We currently cover standalone, single family homes in all 50 states, but not in every county.

Check our coverage map for more details on your county

New Jersey

Coastal living in New Jersey 

New Jersey has a long and storied history. Whether you know it as one of the original thirteen colonies, or as the home of The Boss, or as the playground of the Jersey Shore crew, the state is undeniably a place of great innovation.

The fifth smallest state by land area, New Jersey is only 7,354 square miles, and as a peninsula, it is bounded almost entirely by water – on the east, southeast, and south by the Atlantic Ocean, on the west by the Delaware River (and Pennsylvania), and on the southwest by Delaware Bay (and Delaware). Only its northern border with New York is “dry,” although the Hudson River forms part of the eastern border between New York and New Jersey. While it may be small in size, it is the most densely populated of the 50 states. New Jersey is at the center of the northeast megalopolis, located between New York City and Philadelphia, and is often described as a suburb of these metropolitan giants. Nearly one million New Jerseyites travel to NYC daily for work. An easy commute to either city makes New Jersey highly desirable for families and for those who prefer to avoid big-city living.

With so much coastline, New Jersey is famous for its beautiful beaches – 210 miles of surf and sand. Due to its coastal configuration, both sunrise and sunset can be viewed over the water from various points on the Jersey Shore. The state has more ocean boardwalks and piers than any other US state. In fact, the boardwalk was invented in New Jersey, and made world-famous by Atlantic City, the center of New Jersey’s gambling enterprises and home of the Miss America Pageant.

New Jersey history and economy 

Originally inhabited by the Lenni-Lenape people, European settlers began arriving in the early 1600s. By the end of that century the entire area had come under English rule. It was primarily an agricultural society, although maritime and shipping ventures also contributed to the growing economy. New Jersey was one of the Thirteen Colonies that opposed British rule, and during the Revolutionary War it became known as “The Crossroads of the American Revolution” as armies crossed the state numerous times and a number of pivotal battles occurred there.

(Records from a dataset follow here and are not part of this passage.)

Lemma orthonormal_trace_form (b : 'I_n -> vec) : orthonormal b ->
  \sum_k Psi (b k) (b k) = \sum_a Psi (stdb R a) (stdb R a).
Proof.
move=> b_on; pose Q : 'M[R]_n := \matrix_(k, j) b k 0 j.
have QtQ : Q^T *m Q = 1%:M.
  apply: mulmx1C; apply/matrixP => i j.
  rewrite [RHS]mxE -b_on rdotE mxE.
  by apply: eq_bigr => l _; rewrite !mxE.
have columns_on a c : \sum_k b k 0 a * b k 0 c = (a == c)%:R.
  have := congr1 (fun M : 'M[R]_n => M a c) QtQ; rewrite !mxE => <-.
  by apply: eq_bigr => k _; rewrite !mxE.
under eq_bigr do rewrite form_stdb_expand.
rewrite exchange_big; apply: eq_bigr => a _; rewrite exchange_big /=.
under eq_bigr do rewrite -mulr_suml columns_on.
rewrite (bigD1 a) //= eqxx mul1r big1 ?addr0 // => c c_neq_a.
by rewrite eq_sym (negbTE c_neq_a) mul0r.
Qed.
End TraceForm.

Section Geometry.
Context {R : realType} {n : nat}.
Local Notation vec := 'rV[R]_n.

Lemma local_defining_function_bdry_eq0 (Om : set vec) p r rho :
  local_defining_function Om p r rho -> bdry Om p -> rho p = 0.
Proof.
move=> [r0 [[[rho_diff _] _] [Om_rho _]]] [p_cl p_int].
have rho_cvg : rho y @[y --> p] --> rho p.
  exact/differentiable_continuous/rho_diff/ballxx.
have near_ball : \forall y \near p, ball p r y := nbhsx_ballx p r r0.
case: (ltgtP (rho p) 0) => [rho_neg|rho_pos|//].
  exfalso; apply: p_int; near=> y.
  apply/(Om_rho y); first by near: y.
  by near: y; exact: cvgr_lt _ rho_cvg _ rho_neg.
have near_pos : \forall y \near p, 0 < rho y.
  exact: cvgr_gt _ rho_cvg _ rho_pos.
have [y [Om_y [ball_y rho_y]]] := p_cl _ (filterI near_ball near_pos).
by move: ((Om_rho y ball_y).1 Om_y); rewrite ltNge ltW.
Unshelve. all: by end_near.
Qed.

Lemma outward_unit_normal_neq0 (Om : set vec) nu p :
  C2_domain Om -> outward_unit_normal Om nu -> bdry Om p -> nu p != 0.
Proof.
move=> [_ Om_local] nu_def p_bdry.
have [r [rho rho_def]] := Om_local p p_bdry.
have grad_neq0 : grad rho p != 0.
  case: (rho_def) => r_pos [_ [_ grad_nz]]; apply: grad_nz; first exact: ballxx.
  exact: local_defining_function_bdry_eq0 rho_def p_bdry.
rewrite (nu_def p p_bdry r rho rho_def) scaler_eq0 negb_or grad_neq0 andbT.
by rewrite invr_eq0 /enorm sqrtr_eq0 -ltNge rdot_gt0.
Qed.

Lemma C1_extension_differentiable {Om : set vec} {nu N p} :
  C1_extension Om nu N -> bdry Om p -> differentiable N p.
Proof. by move=> [V [_ [bdry_V [[N_diff _] _]]]] /bdry_V /N_diff. Qed.

(* The curve stays in the boundary, where N = nu, so the chain rule for N along it
   computes the boundary derivative of nu. *)
Lemma C1_extension_bdry_dir_deriv (Om : set vec) nu N p v w :
  C1_extension Om nu N -> bdry Om p -> bdry_dir_deriv Om nu p v w -> 'd N p v = w.
Proof.
move=> N_ext p_bdry [gam [d [d_pos [gam_bdry [gam0 [gam_der [gam_v [_ nu_gam]]]]]]]].
have [_ [_ [_ [_ N_nu]]]] := N_ext.
have gam_diff : differentiable gam 0 by apply/derivable1_diffP.
have N_gam_diff : differentiable N (gam 0).
  by rewrite gam0; exact: C1_extension_differentiable N_ext p_bdry.
rewrite -nu_gam (@near_eq_derive _ _ _ _ (N \o gam)); last first.
  near=> t => /=; rewrite N_nu //; apply: gam_bdry.
  by near: t; exact: (@nbhs0_lt R R d d_pos).
have chain : 'd (N \o gam) 0 = 'd N (gam 0) \o 'd gam 0 :> (R -> vec).
  exact: diff_comp.
rewrite (deriveE _ (differentiable_comp gam_diff N_gam_diff)) chain /=.
by rewrite -(deriveE _ gam_diff) gam_v gam0.
Unshelve. all: by end_near.
Qed.
End Geometry.

Section Scalars.
Variables (R : realType) (K : comPzRingType) (emb : R -> K) (cj : K -> K)
  (re : K -> R).
Hypotheses (embD : forall a b, emb (a + b) = emb a + emb b)
  (embM : forall a b, emb (a * b) = emb a * emb b)
  (cjD : forall z w, cj (z + w) = cj z + cj w)
  (cjM : forall z w, cj (z * w) = cj z * cj w)
  (cj_emb : forall a, cj (emb a) = emb a)
  (reD : forall z w, re (z + w) = re z + re w)
  (re_embM : forall a z, re (emb a * z) = a * re z).

Local Notation adj := (adj cj).
Local Notation ip := (ip cj re).
Local Notation BB := (BB emb).

Lemma emb0 : emb 0 = 0.
Proof. by apply/(addrI (emb 0)); rewrite -embD !addr0. Qed.

Lemma cj0 : cj 0 = 0.
Proof. by apply/(addrI (cj 0)); rewrite -cjD !addr0. Qed.

Lemma re0 : re 0 = 0.
Proof. by apply/(addrI (re 0)); rewrite -reD !addr0. Qed.

Lemma adjM m p q (A : 'M[K]_(m, p)) (B : 'M[K]_(p, q)) :
  adj (A *m B) = adj B *m adj A.
Proof.
apply/matrixP => i j; rewrite !mxE (big_morph cj cjD cj0).
by apply: eq_bigr => k _; rewrite !mxE cjM mulrC.
Qed.

Lemma adjD m p (A B : 'M[K]_(m, p)) : adj (A + B) = adj A + adj B.
Proof. by apply/matrixP => i j; rewrite !mxE cjD. Qed.

Lemma adjZ m p a (A : 'M[K]_(m, p)) : adj (emb a *: A) = emb a *: adj A.
Proof. by apply/matrixP => i j; rewrite !mxE cjM cj_emb. Qed.

Lemma adj0 m p : adj (0 : 'M[K]_(m, p)) = 0.
Proof. by apply/matrixP => i j; rewrite !mxE cj0. Qed.

Section InnerProduct.
Variable p : nat.
Implicit Types X Y Z : 'cV[K]_p.

Lemma ipDl X Y Z : ip (X + Y) Z = ip X Z + ip Y Z.
Proof. by rewrite /ip adjD mulmxDl mxE reD. Qed.

Lemma ipDr X Y Z : ip Z (X + Y) = ip Z X + ip Z Y.
Proof. by rewrite /ip mulmxDr mxE reD. Qed.

Lemma ipZl a X Z : ip (emb a *: X) Z = a * ip X Z.
Proof. by rewrite /ip adjZ -scalemxAl mxE re_embM. Qed.

Lemma ipZr a X Z : ip Z (emb a *: X) = a * ip Z X.
Proof. by rewrite /ip -scalemxAr mxE re_embM. Qed.

Lemma ip0l Z : ip 0 Z = 0.
Proof. by rewrite /ip adj0 mul0mx mxE re0. Qed.

Lemma ip0r Z : ip Z 0 = 0.
Proof. by rewrite /ip mulmx0 mxE re0. Qed.
End InnerProduct.

Section Symbol.
Variables (n m p : nat) (B : 'I_n -> 'M[K]_(m, p)).

Lemma BB_lin a (v w : 'rV[R]_n) : BB B (a *: v + w) = emb a *: BB B v + BB B w.
Proof.
rewrite /Defs.BB scaler_sumr -big_split; apply: eq_bigr => j _ /=.
by rewrite !mxE embD embM scalerDl scalerA.
Qed.

Lemma BB0 : BB B 0 = 0.
Proof. by rewrite /Defs.BB big1 // => j _; rewrite mxE emb0 scale0r. Qed.

Lemma BBZ a (v : 'rV[R]_n) : BB B (a *: v) = emb a *: BB B v.
Proof. by rewrite -[a *: v]addr0 BB_lin BB0 addr0. Qed.
End Symbol.

Lemma levi_trace_eigenframe n (nu0 : 'rV[R]_n)
    (f : {linear 'rV[R]_n -> 'rV[R]_n})
    (e : 'I_n.-1 -> 'rV[R]_n) (kappa : 'I_n.-1 -> R) :
  nu0 != 0 -> orthonormal e -> (forall j, rdot (e j) nu0 = 0) ->
  (forall j, f (e j) = kappa j *: e j) ->
  forall m p (B : 'I_n -> 'M[K]_(m, p)) (u : 'cV[K]_p), BB B nu0 *m u = 0 ->
  ip u ((\sum_(j < n) adj (BB B (stdb R j)) *m BB B (f (stdb R j))) *m u)
    = \sum_(j < n.-1) kappa j * sqn cj re (BB B (e j) *m u).
Proof.
case: n => [|k] in nu0 f e kappa *.
  by move=> /negP[]; apply/eqP/rowP => -[].
move=> nu0_neq0 e_on e_nu0 f_e m p B u B_nu0.
pose Psi v w := ip (BB B v *m u) (BB B (f w) *m u).
have -> : ip u ((\sum_j adj (BB B (stdb R j)) *m BB B (f (stdb R j))) *m u)
    = \sum_j Psi (stdb R j) (stdb R j).
  rewrite mulmx_suml (big_morph (ip u) (fun X Y => ipDr _ X Y u) (ip0r _ u)).
  by apply: eq_bigr => j _; rewrite /Psi /Defs.ip -!mulmxA mulmxA -adjM.
pose nu1 := (enorm nu0)^-1 *: nu0.
have frame_on : orthonormal (cons_frame nu1 e).
  apply: orthonormal_cons_frame; [exact: rdot_normalized | exact: e_on |].
  by move=> j; rewrite /nu1 rdotZr e_nu0 mulr0.
rewrite -(@orthonormal_trace_form _ _ Psi _ _ _ frame_on); first last.
- move=> a v w1 w2; rewrite /Psi linearP BB_lin mulmxDl -scalemxAl.
  by rewrite ipDr ipZr.
- by move=> a v1 v2 w; rewrite /Psi BB_lin mulmxDl -scalemxAl ipDl ipZl.
rewrite big_ord_recl /cons_frame unlift_none {1}/Psi BBZ -scalemxAl B_nu0.
rewrite scaler0 ip0l add0r; apply: eq_bigr => j _.
by rewrite liftK /Psi f_e BBZ -scalemxAl ipZr.
Qed.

From its inception, New Jersey has been a bastion of diversity and tolerance. It was the first state to extend voting rights to all inhabitants “of a certain wealth,” including Blacks and unmarried women. Known for its religious tolerance, Congregationalists, Presbyterians, Reformists, Quakers, and Anglicans coexisted peacefully. Although it was the last northern state to abolish slavery, New Jersey remained staunchly Union during the Civil War.

New Jersey was at the forefront of the Industrial Revolution. Still a largely agrarian economy, frequent crop failures and poor soil caused a shift to a more industrialized activity, such as the manufacture of textiles. Iron and zinc mining became leading industries, inspiring the growth of new towns and expanding shipping routes. Inventor Thomas Edison, known as The Wizard of Menlo Park, ushered in a new era with the electric lightbulb, and Christie Street near his research center was the first road in the world to feature electric lighting. Through both of the World Wars New Jersey was a center for naval construction. The opening of the Holland Tunnel between Jersey City and Manhattan in 1927 and the New Jersey Turnpike in 1951 (between NYC and Philadelphia) encouraged the rapid growth of bedroom communities since workers could easily access metropolitan areas.

Today, New Jersey has a strong scientific economy, which includes pharmaceuticals, biotechnology, information technology, telecommunications, food processing, and chemical development. It still has a large stake in agriculture and continues to be a leader in the shipping industry.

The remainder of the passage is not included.